(* In a connected graph oDFS visits every vertex within n steps: otherwise some
   unvisited vertex b is stacked at step n, so the n visited vertices and b
   would be n + 1 distinct vertices of [n]. *)
Lemma odfs_visits_all x : 1 <= x <= n -> x \in odfs_A n.
Proof.
move=> xn; have n0 : 0 < n by case/andP: xn => /leq_trans; apply.
apply/negPn/negP => xA.
have rootA : 1 \in odfs_A n by apply: (@odfs_A_mono 1) => //; rewrite mem_head.
have [p /andP [ep /eqP px]] := @e_conn 1 x (ltac:(by rewrite /= n0)) xn.
have [a [b [aA bA eab]]] := path_exit ep rootA (ltac:(by rewrite px)).
have bO : b \in odfs_O n e n by case/orP: (neighbour_of_visited aA eab) => // /(negP bA).
have Onil : odfs_O n e n != [::] by case: (odfs_O n e n) bO.
have /andP [Auniq Arange] := odfs_A_uniq_range n0 Onil.
have : size (b :: odfs_A n) <= size (iota 1 n).
  apply: uniq_leq_size; first by rewrite /= bA Auniq.
  by move=> y; rewrite in_cons => /orP [/eqP -> | /(allP Arange) //]; apply: odfs_O_range bO.
by rewrite /= size_iota size_odfs_A ltnn.
Qed.

Lemma odfs_seen_linked m x : m <= n -> x != 0 ->
  (x \in odfs_O n e m) || (x \in odfs_A m) -> linked (dfs_tree n e) 1 x.
Proof.
case: e_graph => _ _ erange; elim: m x => [|m IH] x mn x0.
  by rewrite orbF inE => /eqP ->; apply: linked_refl.
have IHm y : y != 0 -> (y \in odfs_O n e m) || (y \in odfs_A m) -> linked (dfs_tree n e) 1 y.
  exact: IH (ltnW mn).
have v_seen : odfs_v n e m != 0 -> (odfs_v n e m \in odfs_O n e m) || (odfs_v n e m \in odfs_A m).
  by move=> v0; rewrite top_in_stack.
rewrite odfs_O_succ odfs_A_succ mem_cat in_cons -!orbA => /or4P [xN|xb|/eqP xv|xA].
- have := xN; rewrite mem_odfs_N => /and4P [_ evx _ _].
  have v0 : odfs_v n e m != 0.
    by have /andP [/andP [v1 _] _] := erange _ _ evx; rewrite -lt0n.
  exact: linked_step (IHm _ v0 (v_seen v0)) (dfs_tree_edge mn xN).
- by apply: IHm => //; rewrite (mem_behead xb).
- by rewrite xv in x0 *; apply: IHm => //; apply: v_seen.
- by apply: IHm => //; rewrite xA orbT.
Qed.

Lemma dfs_tree_connected u v : 1 <= u <= n -> 1 <= v <= n -> linked (dfs_tree n e) u v.
Proof.
have linked_root x : 1 <= x <= n -> linked (dfs_tree n e) 1 x.
  move=> xn; apply: (@odfs_seen_linked n) => //; first by case/andP: xn; rewrite lt0n.
  by rewrite odfs_visits_all ?orbT.
move=> un vn; apply: linked_trans (linked_root _ vn).
exact: linked_sym dfs_tree_sym (linked_root _ un).
Qed.

Lemma first_visited_end u v : 1 <= u <= n -> 1 <= v <= n ->
  exists2 j, j < n & ((odfs_v n e j == u) && (v \notin odfs_A j))
                  || ((odfs_v n e j == v) && (u \notin odfs_A j)).
Proof.
move=> un vn.
have exP : exists m, (u \in odfs_A m) || (v \in odfs_A m).
  by exists n; rewrite odfs_visits_all.
case: (ex_minnP exP) => m Pm minm.
have mn : m <= n by apply: minm; rewrite odfs_visits_all.
case: m Pm minm mn => [|j]; first by [].
move=> Pj minm jn; exists j => //.
have /norP [nu nv] : ~~ ((u \in odfs_A j) || (v \in odfs_A j)).
  by apply/negP => /minm; rewrite ltnn.
rewrite nu nv !andbT; move: Pj; rewrite odfs_A_succ !in_cons (negbTE nu) (negbTE nv) !orbF.
by case/orP => /eqP ->; rewrite eqxx ?orbT.
Qed.

(* An edge ab of G missing from T(G), with a on top and b unvisited, has both
   ends on the stack: were b fresh, oDFS would make ab a tree edge. *)
Lemma nontree_edge_top j a b : j < n -> odfs_v n e j = a -> a != 0 -> e a b ->
  b \notin odfs_A j -> b \in iota 1 n -> ~~ dfs_tree n e a b ->
  (a \in odfs_O n e j) && (b \in odfs_O n e j).
Proof.
move=> jn va a0 eab bA bi nd.
rewrite -va top_in_stack ?va //=; apply/negPn/negP => bO.
by move: nd; rewrite -va dfs_tree_edge // mem_odfs_N bi va eab bA bO.
Qed.

Lemma nontree_edge_on_stack u v : e u v -> ~~ dfs_tree n e u v ->
  exists2 j, j < n & (u \in odfs_O n e j) && (v \in odfs_O n e j).
Proof.
case: e_graph => esym _ erange euv nd.
have /andP [un vn] := erange _ _ euv.
have in_iota x : 1 <= x <= n -> x \in iota 1 n.
  by case/andP=> x1 xn; rewrite mem_iota x1 add1n ltnS.
have nonzero x : 1 <= x <= n -> x != 0 by case/andP; rewrite lt0n.
have [j jn /orP [/andP [/eqP vu vA]|/andP [/eqP vv uA]]] := first_visited_end un vn;
  exists j => //; first by apply: nontree_edge_top; rewrite ?in_iota ?nonzero.
rewrite andbC; apply: nontree_edge_top; rewrite ?in_iota ?nonzero // 1?esym //.
by rewrite dfs_tree_sym.
Qed.

End OrderedDFSRun.

(* A permitted edge of t is never fresh: if v_i is one end, the other end is
   stacked or visited at step i.  If the ends share the stack O_k with k <= i
   this is persistence; if k > i then v_i would be visited and stacked at k. *)
Lemma permitted_not_fresh n (t : rel nat) i y : permitted n t (odfs_v n t i) y ->
  (y \in odfs_O n t i) || (y \in odfs_A n t i).
Proof.
case/andP=> _ /hasP [k _] /andP [vO yO].
case: (leqP k i) => ki; first exact: odfs_O_persist yO.
have vA : odfs_v n t i \in odfs_A n t k by apply: (odfs_A_mono ki); rewrite mem_head.
by move: (proj2 (odfs_stack_invariant n t k) _ vO); rewrite vA.
Qed.

(* For a tree T, T(T) = T: T(T) is a connected spanning subgraph of T. *)
Lemma dfs_tree_of_tree n (t : rel nat) u v : is_tree n t -> dfs_tree n t u v = t u v.
Proof.
case=> tg tc tacyc; have [tsym tirr trange] := tg.
apply/idP/idP; first exact: (dfs_tree_sub tg).
move=> tuv; have /andP [un vn] := trange _ _ tuv.
apply: (acyclic_linked_edge tsym _ tacyc (dfs_tree_sub tg)) tuv.
  by move=> x; apply/negbTE/tirr.
exact: (dfs_tree_connected tg tc un vn).
Qed.

Section ComparingRuns.

Variables (n : nat) (e1 e2 : rel nat).

(* e1 and e2 agree on the edges from the top to the fresh vertices at step i
   of the run on e1: these are the only edges step i looks at. *)
Definition agree_on_fresh (i : nat) : Prop :=
  forall y, y \in iota 1 n -> y \notin odfs_A n e1 i -> y \notin odfs_O n e1 i ->
    e1 (odfs_v n e1 i) y = e2 (odfs_v n e1 i) y.

Hypothesis agree : forall i, i < n -> odfs_state n e1 i = odfs_state n e2 i ->
  agree_on_fresh i.

Lemma odfs_new_agree i : i < n -> odfs_state n e1 i = odfs_state n e2 i ->
  odfs_N n e1 i = odfs_N n e2 i.
Proof.
move=> lt E; rewrite /odfs_N -E; apply: eq_in_filter => y yi.
have [yA|] := boolP (y \notin (odfs_state n e1 i).2); last by rewrite !andbF.
have [yO|] := boolP (y \notin (odfs_state n e1 i).1); last by rewrite !andbF.
by rewrite (agree lt E yi yA yO).
Qed.

Lemma odfs_state_agree i : i <= n -> odfs_state n e1 i = odfs_state n e2 i.
Proof.
elim: i => [//|i IH lt]; have E := IH (ltnW lt).
rewrite /odfs_state !iterS -!/(odfs_state _ _ _) /odfs_step -E.
by move: (odfs_new_agree lt E); rewrite /odfs_N -E => ->.
Qed.

Lemma dfs_tree_agree u v : dfs_tree n e1 u v = dfs_tree n e2 u v.
Proof.
apply: eq_in_has => i; rewrite mem_iota add0n => /andP [_ lt].
have E := odfs_state_agree (ltnW lt).
have Ev : odfs_v n e1 i = odfs_v n e2 i by rewrite /odfs_v /odfs_O E.
by rewrite Ev (odfs_new_agree lt E).
Qed.

End ComparingRuns.

Theorem lemma2 (n : nat) (T G : rel nat) :
  is_tree n T -> graph_on n G -> connected_on n G ->
  ((forall u v, dfs_tree n G u v = T u v) <->
   exists S : rel nat,
     (forall u v, S u v -> permitted n T u v) /\
     (forall u v, G u v = T u v || S u v)).
Proof.
move=> Ttree Ggraph Gconn; have [_ Girr _] := Ggraph.
split=> [GT | [S [Sperm GTS]] u v].
- (* T(G) = T: the runs on G and T coincide, so non-tree edges are permitted. *)
  have TG : subrel T G by move=> u v; rewrite -GT; exact: (dfs_tree_sub Ggraph).
  have same_run i : i <= n -> odfs_state n G i = odfs_state n T i.
    apply: odfs_state_agree => {}i lt _ y yi yA yO; apply/idP/idP => [Gy|/TG //].
    by rewrite -GT dfs_tree_edge // mem_odfs_N yi Gy yA yO.
  exists (fun u v => G u v && ~~ T u v); split=> u v; last first.
    by case: (boolP (T u v)) => [/TG ->|_] /=; rewrite ?andbT.
  case/andP=> Guv nTuv; have nGuv : ~~ dfs_tree n G u v by rewrite GT.
  have [j jn /andP [uO vO]] := nontree_edge_on_stack Ggraph Gconn Guv nGuv.
  rewrite /permitted nTuv andbT; apply/andP; split.
    by apply: contraTneq Guv => ->; rewrite Girr.
  by apply/hasP; exists j; rewrite ?mem_iota // /odfs_O -same_run ?uO ?vO // ltnW.
- (* G = T + S: permitted edges are never fresh, so the runs on G and T coincide. *)
  rewrite -(dfs_tree_of_tree _ _ Ttree); apply: dfs_tree_agree => i _ E y _.
  rewrite /odfs_v /odfs_A /odfs_O E -/(odfs_O n T i) -/(odfs_A n T i) -/(odfs_v n T i) => yA yO.
  rewrite GTS; case: (boolP (S _ y)) => [/Sperm /permitted_not_fresh|]; last by rewrite orbF.
  by rewrite (negbTE yA) (negbTE yO).
Qed.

•••

From the records above, transcribe exactly the run of lines that opens with the line holding "split=> [GT | [S [Sperm GTS]] u v]." and closes with the line holding "have same_run i", both included.

split=> [GT | [S [Sperm GTS]] u v].
- (* T(G) = T: the runs on G and T coincide, so non-tree edges are permitted. *)
  have TG : subrel T G by move=> u v; rewrite -GT; exact: (dfs_tree_sub Ggraph).
  have same_run i : i <= n -> odfs_state n G i = odfs_state n T i.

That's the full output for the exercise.